I've not noticed any problems descaling. I always let descale fill and heat before exiting descale. I vaguely recollect one instance where it didn't reheat maybe because I did a lot of flushes but it did when I exited,

The first refurb I had failed as described but for a different reason. On the first power up and fill the pump made a hell of a racket and was obviously failing to pump water at times. Net result was the steam boiler overheating and a broken machine that was sent back. It did produce steam during the first power up for a while and then none some mins later as the boiler had cooled. 3 beeps then too.

John

-


----------



## robashton (May 9, 2015)

FYI I had this today and it was related to the de-scaler solution confusing a sensor or such (And is tangentially related to a similar issue where the machine refuses to descale because of presumably the same sensor)
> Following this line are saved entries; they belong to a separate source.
Definition minv f : Mor C :=
  match excluded_middle_informative (is_iso f) with
  | left H => proj1_sig (constructive_indefinite_description _ H)
  | right _ => f
  end.

Lemma minvP f : is_iso f -> [/\ cod f = dom (minv f), cod (minv f) = dom f,
  comp (minv f) f = idm (dom f) & comp f (minv f) = idm (cod f)].
Proof.
rewrite /minv; case: excluded_middle_informative => // H _.
exact: (proj2_sig (constructive_indefinite_description _ H)).
Qed.

Lemma iso_minv f : is_iso f -> is_iso (minv f).
Proof. by move=> /minvP [H1 H2 H3 H4]; exists f; split; congruence. Qed.

Lemma minvK f : is_iso f -> minv (minv f) = f.
Proof.
move=> If; have [H1 H2 H3 H4] := minvP If.
have [K1 K2 K3 K4] := minvP (iso_minv If).
apply: (@iso_epi (minv f)); [exact: iso_minv|congruence|congruence|].
by rewrite K3 H4 H1.
Qed.

Lemma comprK s g : is_iso s -> dom g = cod s -> comp (comp g s) (minv s) = g.
Proof.
move=> Is gs; have [H1 H2 H3 H4] := minvP Is.
by rewrite -compA ?H4 -?gs ?comp_idr //; congruence.
Qed.

Lemma compKr s g : is_iso s -> cod g = dom s -> comp (minv s) (comp s g) = g.
Proof.
move=> Is gs; have [H1 H2 H3 H4] := minvP Is.
by rewrite compA ?H3 -?gs ?comp_idl //; congruence.
Qed.

Lemma comprVK s g : is_iso s -> dom g = dom s -> comp (comp g (minv s)) s = g.
Proof.
move=> Is gs; have [H1 H2 H3 H4] := minvP Is.
by rewrite -compA ?H3 -?gs ?comp_idr //; congruence.
Qed.

Lemma compKVr s g : is_iso s -> cod g = cod s -> comp s (comp (minv s) g) = g.
Proof.
move=> Is gs; have [H1 H2 H3 H4] := minvP Is.
by rewrite compA ?H4 -?gs ?comp_idl //; congruence.
Qed.

End Isomorphisms.

Section Similarity.
Variable C : category.
Implicit Types (a b f g s : Mor C).

Lemma factorization_dom f a b : is_factorization f (a, b) -> dom a = dom f.
Proof. by move=> [ab <-]; rewrite dom_comp. Qed.

Lemma factorization_cod f a b : is_factorization f (a, b) -> cod b = cod f.
Proof. by move=> [ab <-]; rewrite cod_comp. Qed.

Definition sim_by s s' f g : Prop :=
  is_iso s /\ is_iso s' /\ dom s = dom f /\ cod s = dom g /\
    dom s' = cod f /\ cod s' = cod g /\ comp s' f = comp g s.

Lemma sim_byV s s' f g : sim_by s s' f g -> sim_by (minv s) (minv s') g f.
Proof.
move=> [Is [Is' [D1 [D2 [D3 [D4 E]]]]]].
have [A1 A2 A3 A4] := minvP Is; have [B1 B2 B3 B4] := minvP Is'.
do 6 (split; try exact: iso_minv; try congruence).
apply: (iso_epi Is); try (by rewrite dom_comp; congruence).
rewrite comprVK // -(@compA _ s g (minv s')); try congruence.
by rewrite -E compKr.
Qed.

Lemma sim_sym f g : sim f g -> sim g f.
Proof. by move=> [s [s' Hs]]; exists (minv s), (minv s'); apply: sim_byV. Qed.

Lemma sim_precomp_iso s f : is_iso s -> cod s = dom f -> sim (comp f s) f.
Proof.
move=> Is sf; have idK : comp (idm (cod f)) (comp f s) = comp f s.
  by rewrite -{1}(cod_comp sf) comp_idl.
exists s, (idm (cod f)); rewrite idK dom_comp // cod_comp // dom_idm cod_idm.
by repeat split; try exact: iso_idm.
Qed.

Lemma sim_postcomp_iso s f : is_iso s -> cod f = dom s -> sim f (comp s f).
Proof.
move=> Is fs; have idK : comp (comp s f) (idm (dom f)) = comp s f.
  by rewrite -{1}(dom_comp fs) comp_idr.
exists (idm (dom f)), s; rewrite idK dom_comp // cod_comp // dom_idm cod_idm.
by repeat split; try exact: iso_idm.
Qed.

Lemma sim_is_iso f g : sim f g -> is_iso g -> is_iso f.
Proof.
move=> [s [s' [Is [Is' [D1 [D2 [D3 [D4 E]]]]]]]] Ig.
have [B1 B2 B3 B4] := minvP Is'.
rewrite -(compKr Is' (g := f)) // E.
by apply: iso_comp; [apply: iso_comp| exact: iso_minv|]; rewrite ?cod_comp; congruence.
Qed.

Lemma factorization_sim_by s s' f g a b : sim_by s s' f g ->
  is_factorization f (a, b) -> is_factorization g (comp a (minv s), comp s' b).
Proof.
move=> [Is [Is' [D1 [D2 [D3 [D4 E]]]]]] Fab.
have [A1 A2 A3 A4] := minvP Is.
have Da := factorization_dom Fab; have Cb := factorization_cod Fab.
have [/= ab Eab] := Fab.
split=> /=; first by rewrite cod_comp ?dom_comp //; congruence.
rewrite -(@compA _ (comp a (minv s)) b s') ?cod_comp //; try congruence.
rewrite (@compA _ (minv s) a b) //; try congruence.
rewrite Eab (@compA _ (minv s) f s'); try congruence.
by rewrite E comprK //; congruence.
Qed.

Lemma listing_factorizations_sim_by s s' f g L : sim_by s s' f g ->
  listing (is_factorization f) L ->
  listing (is_factorization g) [seq (comp q.1 (minv s), comp s' q.2) | q <- L].
Proof.
move=> Hs LF; have [Is [Is' [D1 [D2 [D3 [D4 E]]]]]] := Hs.
have [A1 A2 A3 A4] := minvP Is; have [B1 B2 B3 B4] := minvP Is'.
apply: (listing_map LF) => [[a b]|[a b] [a' b'] |[c d] Hcd].
- exact: factorization_sim_by.
- move=> Fab Fab' [/= E1 E2].
  have Da := factorization_dom Fab; have Da' := factorization_dom Fab'.
  have Cb := factorization_cod Fab; have Cb' := factorization_cod Fab'.
  congr (_, _); first by apply: (iso_epi (iso_minv Is) _ _ E1); congruence.
  by apply: (iso_mono Is' _ _ E2); congruence.
- exists (comp c s, comp (minv s') d).
    by have := factorization_sim_by (sim_byV Hs) Hcd; rewrite minvK.
  have Dc := factorization_dom Hcd; have Cd := factorization_cod Hcd.
  by rewrite /= comprK ?compKVr //; congruence.
Qed.

End Similarity.

Section CountingIsomorphisms.
Variable C : category.
Hypothesis dfin : decomposition_finite C.
Implicit Types (f h phi : Mor C) (X Y : Obj C).

Definition isos_from X : Mor C -> Prop := fun f => dom f = X /\ is_iso f.

Lemma factorizationsP phi : listing (is_factorization phi) (factorizations phi).
Proof. exact: enum_ofP. Qed.

Lemma finite_isos_from X : finite_set (isos_from X).
Proof.
apply: (finite_set_image (m := fst) (dfin (idm X))) => f [<- If].
by have [H1 _ H3 _] := minvP If; exists (f, minv f).
Qed.

Lemma finite_Iso X : finite_set (Iso X).
Proof.
apply: (finite_set_image (m := cod) (finite_isos_from X)) => Y [f [Df <- If]].
by exists f.
Qed.

Lemma finite_Aut X : finite_set (Aut X).
Proof.
by apply: (finite_set_image (m := id) (finite_isos_from X)) => f [Df _ If]; exists f.
Qed.

Definition iso_to X Y : Mor C :=
  match excluded_middle_informative (Iso X Y) with
  | left H => proj1_sig (constructive_indefinite_description _ H)
  | right _ => idm X
  end.

Lemma iso_toP X Y : Iso X Y ->
  [/\ dom (iso_to X Y) = X, cod (iso_to X Y) = Y & is_iso (iso_to X Y)].
Proof.
rewrite /iso_to; case: excluded_middle_informative => // H _.
exact: (proj2_sig (constructive_indefinite_description _ H)).
Qed.

(* Every isomorphism out of X is uniquely [iso_to X Y] after an automorphism of X. *)
Lemma ncard_isos_from X : ncard (isos_from X) = (ncard (Iso X) * ncard (Aut X))%N.
Proof.
rewrite -(ncard_prod (finite_Iso X) (finite_Aut X)); symmetry.
apply: (ncard_bij (m := fun f => (cod f, comp (minv (iso_to X (cod f))) f)))
  (finite_isos_from X) _ _ _ => [f [Df If]|f g [Df If] [Dg Ig] [/= fg]|[Y a] [/= XY [Da Ca Ia]]].
- have XY : Iso X (cod f) by exists f.
  have [H1 H2 H3] := iso_toP XY; have [K1 K2 K3 K4] := minvP H3.
  split=> //=; split; rewrite ?dom_comp ?cod_comp; try congruence.
  by apply: iso_comp; [|exact: iso_minv|]; congruence.
- have XY : Iso X (cod f) by exists f.
  have [H1 H2 H3] := iso_toP XY; have [K1 K2 K3 K4] := minvP H3.
  rewrite -fg; apply: (iso_mono (iso_minv H3)); congruence.
- have [H1 H2 H3] := iso_toP XY; have [K1 K2 K3 K4] := minvP H3.
  exists (comp (iso_to X Y) a).
    by split; [rewrite dom_comp|apply: iso_comp => //]; congruence.
  have Cc : cod (comp (iso_to X Y) a) = Y by rewrite cod_comp //; congruence.
  by rewrite /= Cc compKr //; congruence.
Qed.

Lemma ncard_isos_from_iso h : is_iso h ->
  ncard (isos_from (dom h)) = ncard (isos_from (cod h)).
Proof.
move=> Ih; have [K1 K2 K3 K4] := minvP Ih.
apply: (ncard_bij (m := fun f => comp f h)) (finite_isos_from _) _ _ _ =>
  [f [Df If]|f g [Df If] [Dg Ig]|g [Dg Ig]].
- by split; [rewrite dom_comp|apply: iso_comp].
- by apply: (iso_epi Ih); congruence.
- exists (comp g (minv h)); last by rewrite comprVK.
  by split; [rewrite dom_comp|apply: iso_comp (iso_minv Ih) Ig _]; congruence.
Qed.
I ended up (as I had the sage apart anyway) manually pouring some fresh water into the boiler directly - which seemed to clear it, I probably don't recommend that.


----------



## ajohn (Sep 23, 2017)

Sounds like it may be the level sensors and they need cleaning. It's the usual reason for the valve error when trying to descale.

This rather wordy video might help with which ones are level probes






Also here

https://outwestcoffee.com.au/index.php/2018/03/02/breville-valv-error-during-descaling/

People have mentioned engineers cleaning them but never mention how. If plain stainless I'd use wire wool or a brillo pad. Maybe even fine emery cloth with a bit of soapy water on it - rather than oil.

I'm due to take a look in mine and check that sort of thing but haven't yet. I have an O ring kit from the .au site and will fit that too after measuring the sizes. Also take a look at how clean the solenoid valves are - with care as there seems to be a shaped moulded seal on one which will be hard to replace if damaged. Might be on the .au site but have seen out of stock on other sites.

John

-


----------